§ **Exercise goal**: Look below for the line holding "by rewrite trmx_mul map_mxM trmxCK mulmxA" and the line holding "Proof. by apply/matrixP". Transcribe exactly those lines and all lines between them, nothing more.

▬▬▬▬▬▬▬▬▬▬

(* Let $G$ be a graph with $n$ vertices and at least one edge, and let $\Delta$ be its maximum vertex degree. Then $$EE(G) > e^{\sqrt{\Delta}} + (n-1) - \sqrt{\Delta}.$$
   Context: All graphs are finite, simple and undirected. For a graph $G$ with adjacency matrix $A(G)$ having eigenvalues $\lambda_1\ge\cdots\ge\lambda_n$, the Estrada index is $EE(G)=\sum_{i=1}^n e^{\lambda_i}$. *)

From HB Require Import structures.
From mathcomp Require Import all_boot all_order all_algebra.
From Stdlib Require Import Reals.
Set Implicit Arguments. Unset Strict Implicit. Unset Printing Implicit Defensive.

Definition simple_graph (n : nat) (e : rel 'I_n) : Prop :=
  symmetric e /\ irreflexive e.

Definition adjmx (n : nat) (e : rel 'I_n) : 'M[int]_n :=
  \matrix_(i, j) Posz (nat_of_bool (e i j)).

Definition deg (n : nat) (e : rel 'I_n) (i : 'I_n) : nat := #|[set j | e i j]|.
Definition maxdeg (n : nat) (e : rel 'I_n) : nat := (\max_(i < n) deg e i)%N.

Definition int_to_R (z : int) : R :=
  match z with Posz k => INR k | Negz k => Ropp (INR (S k)) end.

Definition hornerR (p : {poly int}) (x : R) : R :=
  List.fold_right (fun c acc => Rplus (int_to_R c) (Rmult x acc)) 0%R (polyseq p).

(* l is the list of eigenvalues (with multiplicity) of the integer matrix A,
   i.e. the roots of its characteristic polynomial det(xI - A):
   det(xI - A) = prod_i (x - l_i) for every real x. *)
Definition is_spectrum (n : nat) (A : 'M[int]_n) (l : list R) : Prop :=
  List.length l = n /\
  forall x : R, hornerR (char_poly A) x =
                List.fold_right Rmult 1%R (List.map (fun t => Rminus x t) l).

Definition estrada (l : list R) : R :=
  List.fold_right Rplus 0%R (List.map exp l).

From HB Require Import structures.
From mathcomp Require Import all_boot all_order all_algebra.
From Stdlib Require Import Reals Lra Lia.
From mathcomp Require Import Rstruct complex spectral sesquilinear.

(* The largest eigenvalue [mu] of the adjacency matrix is at least [sqrt Delta]:
   the star centred at a vertex of maximum degree supplies a test vector of
   Rayleigh quotient at least [sqrt Delta].  The eigenvalues sum to the trace,
   which is [0], so the other [n - 1] eigenvalues sum to [- mu <> 0]; by
   [e^x >= 1 + x], strict as soon as some [x] is nonzero, their exponentials add
   up to more than [n - 1 - mu].  Hence [EE(G) > e^mu + (n - 1) - mu], and
   [x |-> e^x - x] is nondecreasing on [[0, +oo)]. *)

Set Implicit Arguments. Unset Strict Implicit. Unset Printing Implicit Defensive.

Section EstradaBounds.
Local Open Scope R_scope.
Local Notation sumR := (List.fold_right Rplus 0).

Lemma exp_sub_id_le (s mu : R) : 0 <= s <= mu -> exp s - s <= exp mu - mu.
Proof.
intros [Hs Hsmu].
assert (Hexp : exp mu = exp s * exp (mu - s)) by (rewrite <- exp_plus; f_equal; lra).
pose proof (exp_ineq1_le s); pose proof (exp_ineq1_le (mu - s)).
nra.
Qed.

Lemma estrada_ge_length_add_sum (l : list R) :
  INR (length l) + sumR l <= estrada l.
Proof.
unfold estrada; induction l as [|a l IH]; cbn [length List.map List.fold_right]; [simpl; lra|].
rewrite S_INR; pose proof (exp_ineq1_le a); lra.
Qed.

Lemma estrada_gt_length_add_sum (l : list R) :
  sumR l <> 0 -> INR (length l) + sumR l < estrada l.
Proof.
induction l as [|a l IH]; cbn [length List.fold_right]; [lra|]; intros Hsum.
unfold estrada in *; cbn [List.map List.fold_right]; rewrite S_INR.
destruct (Req_dec a 0) as [-> | Ha].
- rewrite exp_0; assert (Hl : sumR l <> 0) by lra; specialize (IH Hl); lra.
- pose proof (exp_ineq1 a Ha); pose proof (estrada_ge_length_add_sum l).
  unfold estrada in *; lra.
Qed.

Lemma sumR_middle (l1 l2 : list R) (a : R) :
  sumR (app l1 (a :: l2)) = a + sumR (app l1 l2).
Proof. induction l1 as [|b l1 IH]; simpl; [lra | rewrite IH; lra]. Qed.

Lemma estrada_middle (l1 l2 : list R) (a : R) :
  estrada (app l1 (a :: l2)) = exp a + estrada (app l1 l2).
Proof. unfold estrada; rewrite !List.map_app; apply sumR_middle. Qed.

Lemma estrada_gt_of_sum_eq0 (l : list R) (mu : R) :
  List.In mu l -> mu <> 0 -> sumR l = 0 ->
  exp mu + (INR (length l) - 1) - mu < estrada l.
Proof.
intros Hin Hmu Hsum; destruct (List.in_split mu l Hin) as [l1 [l2 ->]].
rewrite sumR_middle in Hsum; rewrite estrada_middle.
replace (length (app l1 (mu :: l2))) with (S (length (app l1 l2)))
  by (rewrite !List.length_app; simpl; lia).
rewrite S_INR.
pose proof (@estrada_gt_length_add_sum (app l1 l2)); lra.
Qed.

Lemma root_prod_sub_In (l : list R) (r : R) :
  List.fold_right Rmult 1 (List.map (fun t => r - t) l) = 0 -> List.In r l.
Proof.
induction l as [|a l IH]; simpl; intros H; [lra|].
destruct (Rmult_integral _ _ H) as [H1|H1]; [left; lra | right; auto].
Qed.

End EstradaBounds.

Import Order.TTheory GRing.Theory Num.Theory.
Local Open Scope ring_scope.

Lemma exists_ge_weighted_mean (K : numDomainType) (I : finType) (a w : I -> K) (s : K) :
  s \is Num.real -> (forall k, a k \is Num.real) -> (forall k, 0 <= w k) ->
  0 < \sum_k w k -> s * \sum_k w k <= \sum_k a k * w k -> exists k, s <= a k.
Proof.
move=> s_real a_real w_ge0 w_gt0 s_le; apply/existsP.
apply: contraT; rewrite negb_exists => /forallP a_lt_s.
have gap_ge0 k : 0 <= (s - a k) * w k.
  by rewrite mulr_ge0 // subr_ge0 ltW // real_ltNge ?a_lt_s.
have gap_eq0 : \sum_k (s - a k) * w k = 0.
  apply/eqP; rewrite eq_le sumr_ge0 // andbT.
  by rewrite (eq_bigr _ (fun k _ => mulrBl _ _ _)) sumrB -mulr_sumr subr_le0.
have w_eq0 k : w k = 0.
  move/eqP: (@psumr_eq0P _ _ _ _ (fun k _ => gap_ge0 k) gap_eq0 k isT).
  rewrite mulf_eq0 subr_eq0 => /orP[/eqP s_eq | /eqP //].
  by move: (a_lt_s k); rewrite s_eq lexx.
by move: w_gt0; rewrite big1 ?ltxx.
Qed.

Section SpectralDecomposition.
Local Open Scope sesquilinear_scope.
Variables (C : numClosedFieldType) (n : nat) (A : 'M[C]_n).
Hypothesis normalA : A \is normalmx.
Let P := spectralmx A.
Let d := spectral_diag A.

Let unitaryP : P \is unitarymx := spectral_unitarymx A.
Let A_diag : A = invmx P *m diag_mx d *m P := orthomx_spectralP normalA.
Let invP : invmx P = P^t* := invmx_unitary unitaryP.

Lemma spectral_diag_eigenvalue k : eigenvalue A (d 0 k).
Proof.
apply/eigenvalueP; exists (row k P).
  have PA : P *m A = diag_mx d *m P.
    by rewrite {1}A_diag !mulmxA mulmxV ?spectral_unit // mul1mx.
  by rewrite -row_mul PA row_mul row_diag_mx -scalemxAl -rowE.
apply/negP => /eqP rowP0.
have : row k (P *m P^t*) = 0 by rewrite row_mul rowP0 mul0mx.
move/unitarymxP: unitaryP => ->; rewrite row1 => /matrixP /(_ 0 k).
by rewrite !mxE !eqxx /= => /eqP; rewrite oner_eq0.
Qed.

Lemma spectral_form (v : 'rV[C]_n) :
  (v *m A *m v^t*) 0 0 = \sum_k d 0 k * `|(v *m P^t*) 0 k| ^+ 2.
Proof.
have -> : v *m A *m v^t* = (v *m P^t*) *m diag_mx d *m (v *m P^t*)^t*.
  by rewrite trmx_mul map_mxM trmxCK {1}A_diag invP !mulmxA.
by rewrite mul_mx_diag mxE; apply: eq_bigr => k _; rewrite !mxE normCK mulrAC mulrC mulrA.
Qed.

Lemma spectral_norm (v : 'rV[C]_n) :
  (v *m v^t*) 0 0 = \sum_k `|(v *m P^t*) 0 k| ^+ 2.
Proof.
have -> : v *m v^t* = (v *m P^t*) *m (v *m P^t*)^t*.
  by rewrite trmx_mul map_mxM trmxCK mulmxA mulmxKtV.
by rewrite mxE; apply: eq_bigr => k _; rewrite !mxE normCK.
Qed.

End SpectralDecomposition.

(* The spectral theorem is only available over a [numClosedFieldType], so a
   real symmetric matrix is handled through its complexification. *)
Section RealSymmetric.
Local Open Scope sesquilinear_scope.
Variables (F : rcfType) (n : nat) (A : 'M[F]_n).
Hypothesis symA : A^T = A.
Local Notation RC := (real_complex F).

Lemma real_complexR (x : F) : RC x \is Num.real.
Proof. by rewrite complex_real. Qed.

Lemma real_complex_conj (x : F) : (RC x)^* = RC x.
Proof. by rewrite conj_Creal ?real_complexR. Qed.

Lemma map_real_complex_trC m p (M : 'M[F]_(m, p)) : (map_mx RC M)^t* = map_mx RC M^T.
Proof. by apply/matrixP => i j; rewrite !mxE real_complex_conj. Qed.

Lemma map_real_complex_hermsym : map_mx RC A \is hermsymmx.
Proof.
apply: realsym_hermsym; last by apply/mxOverP => i j; rewrite mxE real_complexR.
by apply/is_hermitianmxP; rewrite expr0 scale1r map_mx_id // map_trmx symA.
Qed.

Lemma symmetric_rayleigh_root (v : 'rV[F]_n) (s : F) :
  0 < (v *m v^T) 0 0 -> s * (v *m v^T) 0 0 <= (v *m A *m v^T) 0 0 ->
  exists2 r, s <= r & root (char_poly A) r.
Proof.
move=> v_gt0 s_le.
set AC := map_mx RC A; set vC := map_mx RC v.
have normalAC : AC \is normalmx by apply/hermitian_normalmx/map_real_complex_hermsym.
have d_real k : spectral_diag AC 0 k \is Num.real.
  by move/mxOverP: (hermitian_spectral_diag_real map_real_complex_hermsym); apply.
set w := vC *m (spectralmx AC)^t*.
have formE : RC ((v *m A *m v^T) 0 0) = \sum_k spectral_diag AC 0 k * `|w 0 k| ^+ 2.
  by rewrite -(spectral_form normalAC) /vC /AC map_real_complex_trC -!map_mxM [RHS]mxE.
have normE : RC ((v *m v^T) 0 0) = \sum_k `|w 0 k| ^+ 2.
  by rewrite -(spectral_norm AC) /vC map_real_complex_trC -!map_mxM [RHS]mxE.
have [k sk] : exists k, RC s <= spectral_diag AC 0 k.
  apply: (exists_ge_weighted_mean (w := fun k => `|w 0 k| ^+ 2) (real_complexR s) d_real).
  - by move=> k; rewrite exprn_ge0.
  - by rewrite -normE ltcR.
  - by rewrite -normE -formE -rmorphM lecR.
exists (complex.Re (spectral_diag AC 0 k)); first by rewrite -lecR RRe_real.
have := spectral_diag_eigenvalue normalAC k.
rewrite eigenvalue_root_char /AC -map_char_poly -(RRe_real (d_real k)).
by rewrite /root horner_map fmorph_eq0.
Qed.

End RealSymmetric.

Section StarVector.
Variables (F : numDomainType) (n : nat) (e : rel 'I_n).
Hypotheses (symE : symmetric e) (irrE : irreflexive e).
Local Notation A := (map_mx intr (adjmx e) : 'M[F]_n).

Lemma sum_adj_row (c : 'I_n) : \sum_j (e c j)%:R = (deg e c)%:R :> F.
Proof.
rewrite -natr_sum /deg -sum1_card [in RHS]big_mkcond /=.
by congr _%:R; apply: eq_bigr => j _; rewrite inE; case: (e c j).
Qed.

(* For [s = sqrt (deg e c)] this is the Perron eigenvector of the star formed
   by [c] and its neighbours, whose largest eigenvalue is [s]. *)
Definition star_vector (c : 'I_n) (s : F) : 'rV[F]_n :=
  \row_j (if j == c then s else (e c j)%:R).

Lemma star_vector_norm (c : 'I_n) (s : F) :
  (star_vector c s *m (star_vector c s)^T) 0 0 = s ^+ 2 + (deg e c)%:R.
Proof.
rewrite mxE (bigD1 c) //= !mxE eqxx -expr2 -sum_adj_row [in RHS](bigD1 c) //= irrE add0r.
congr (_ + _); apply: eq_bigr => j /negbTE jc.
by rewrite !mxE jc; case: (e c j); rewrite ?mulr1 ?mulr0.
Qed.

Lemma map_adjmxE (i j : 'I_n) : A i j = (e i j)%:R.
Proof. by rewrite !mxE. Qed.

Lemma star_vector_form_ge (c : 'I_n) (s : F) : 0 <= s ->
  s * (deg e c)%:R *+ 2 <= (star_vector c s *m A *m (star_vector c s)^T) 0 0.
Proof.
move=> s_ge0; set x := star_vector c s.
have x_ge0 j : 0 <= x 0 j by rewrite mxE; case: eqP.
have colE j : (x *m A) 0 j = \sum_i x 0 i * A i j by rewrite mxE.
have col_c : (x *m A) 0 c = (deg e c)%:R.
  rewrite colE -sum_adj_row; apply: eq_bigr => i _; rewrite mxE map_adjmxE symE.
  case: eqP => [->|_]; first by rewrite irrE mulr0.
  by case: (e i c); rewrite ?mulr1 ?mulr0.
have col_ge j : s * (e c j)%:R <= (x *m A) 0 j.
  rewrite colE (bigD1 c) //= map_adjmxE mxE eqxx lerDl.
  by apply: sumr_ge0 => i _; rewrite map_adjmxE mulr_ge0.
rewrite mxE (bigD1 c) //= col_c !mxE eqxx mulrC mulr2n lerD //.
rewrite -sum_adj_row [in X in X <= _](bigD1 c) //= irrE add0r mulr_suml.
apply: ler_sum => j /negbTE jc.
have -> : x^T j 0 = (e c j)%:R by rewrite !mxE jc.
by case: (e c j) (col_ge j); rewrite ?mul1r ?mulr1 ?mul0r ?mulr0.
Qed.

End StarVector.

Lemma eq_poly_horner (F : numDomainType) (p q : {poly F}) :
  (forall x, p.[x] = q.[x]) -> p = q.
Proof.
move=> pq; apply/eqP; rewrite -subr_eq0; apply: contraT => pq_neq0.
have := max_poly_roots pq_neq0 (rs := [seq i%:R | i <- iota 0 (size (p - q))]).
rewrite size_map size_iota ltnn; apply.
  by apply/allP => x _; rewrite /root hornerD hornerN pq subrr.
by rewrite map_inj_uniq ?iota_uniq // => i j /eqP; rewrite eqr_nat => /eqP.
Qed.
(* Let $f$ be a ternary cubic form with $f_{333}\neq0$, and set $g=\Delta_{333}f-f_{333}\Delta$. (1) $f$ is completely reducible (a product of three linear forms) if and only if $g_{113}=g_{123}=g_{223}=g_{133}=g_{233}=0$. (2) If moreover $4f_{113}f_{223}-f_{123}^2\neq0$, then $f$ is completely reducible if and only if $g_{113}=g_{123}=g_{223}=0$.
   Context: A ternary cubic form is written $f=\sum_{1\le i\le j\le k\le3}f_{ijk}x_ix_jx_k$ with complex coefficients, so $f_{ijk}$ is the coefficient of $x_ix_jx_k$; the same convention applies to $g_{ijk}$ and $\Delta_{ijk}$. $\Delta$ is the Hessian of $f$ normalized as $\Delta=\tfrac12\det(\partial^2f/\partial x_i\partial x_j)$; equivalently $\Delta=\tfrac1{12}J^2[f,f,f]$, where $J^2$ is the second transvectant. *)

From HB Require Import structures.
From mathcomp Require Import all_boot all_order all_algebra.
From mathcomp Require Import complex.
From mathcomp Require reals.
Import reals.Real.Exports.
From mathcomp Require Import mpoly.
Set Implicit Arguments. Unset Strict Implicit. Unset Printing Implicit Defensive.
Import Order.TTheory GRing.Theory Num.Theory.
Local Open Scope ring_scope.

(* Ternary forms over a commutative ring K: elements of {mpoly K[3]};
   variables x_1, x_2, x_3 are 'X_0, 'X_1, 'X_2. *)

(* f_{ijk} : coefficient of x_i x_j x_k (indices i <= j <= k given as
   ordinals 0,1,2 standing for 1,2,3). *)
Definition cf3 {K : comRingType} (f : {mpoly K[3]}) (i j k : 'I_3) : K :=
  f@_(U_(i) + U_(j) + U_(k))%MM.

Definition hessmx {K : comRingType} (f : {mpoly K[3]}) : 'M[{mpoly K[3]}]_3 :=
  \matrix_(i < 3, j < 3) mderiv i (mderiv j f).

Definition hessian {K : fieldType} (f : {mpoly K[3]}) : {mpoly K[3]} :=
  (2%:R^-1 : K) *: \det (hessmx f).

Definition completely_reducible {K : comRingType} (f : {mpoly K[3]}) : Prop :=
  exists l1 l2 l3 : {mpoly K[3]},
    [/\ l1 \is 1.-homog, l2 \is 1.-homog, l3 \is 1.-homog & f = l1 * l2 * l3].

▬▬▬▬▬▬▬▬▬▬

§ **Expected output**:
  by rewrite trmx_mul map_mxM trmxCK mulmxA mulmxKtV.
by rewrite mxE; apply: eq_bigr => k _; rewrite !mxE normCK.
Qed.

End SpectralDecomposition.

(* The spectral theorem is only available over a [numClosedFieldType], so a
   real symmetric matrix is handled through its complexification. *)
Section RealSymmetric.
Local Open Scope sesquilinear_scope.
Variables (F : rcfType) (n : nat) (A : 'M[F]_n).
Hypothesis symA : A^T = A.
Local Notation RC := (real_complex F).

Lemma real_complexR (x : F) : RC x \is Num.real.
Proof. by rewrite complex_real. Qed.

Lemma real_complex_conj (x : F) : (RC x)^* = RC x.
Proof. by rewrite conj_Creal ?real_complexR. Qed.

Lemma map_real_complex_trC m p (M : 'M[F]_(m, p)) : (map_mx RC M)^t* = map_mx RC M^T.
Proof. by apply/matrixP => i j; rewrite !mxE real_complex_conj. Qed.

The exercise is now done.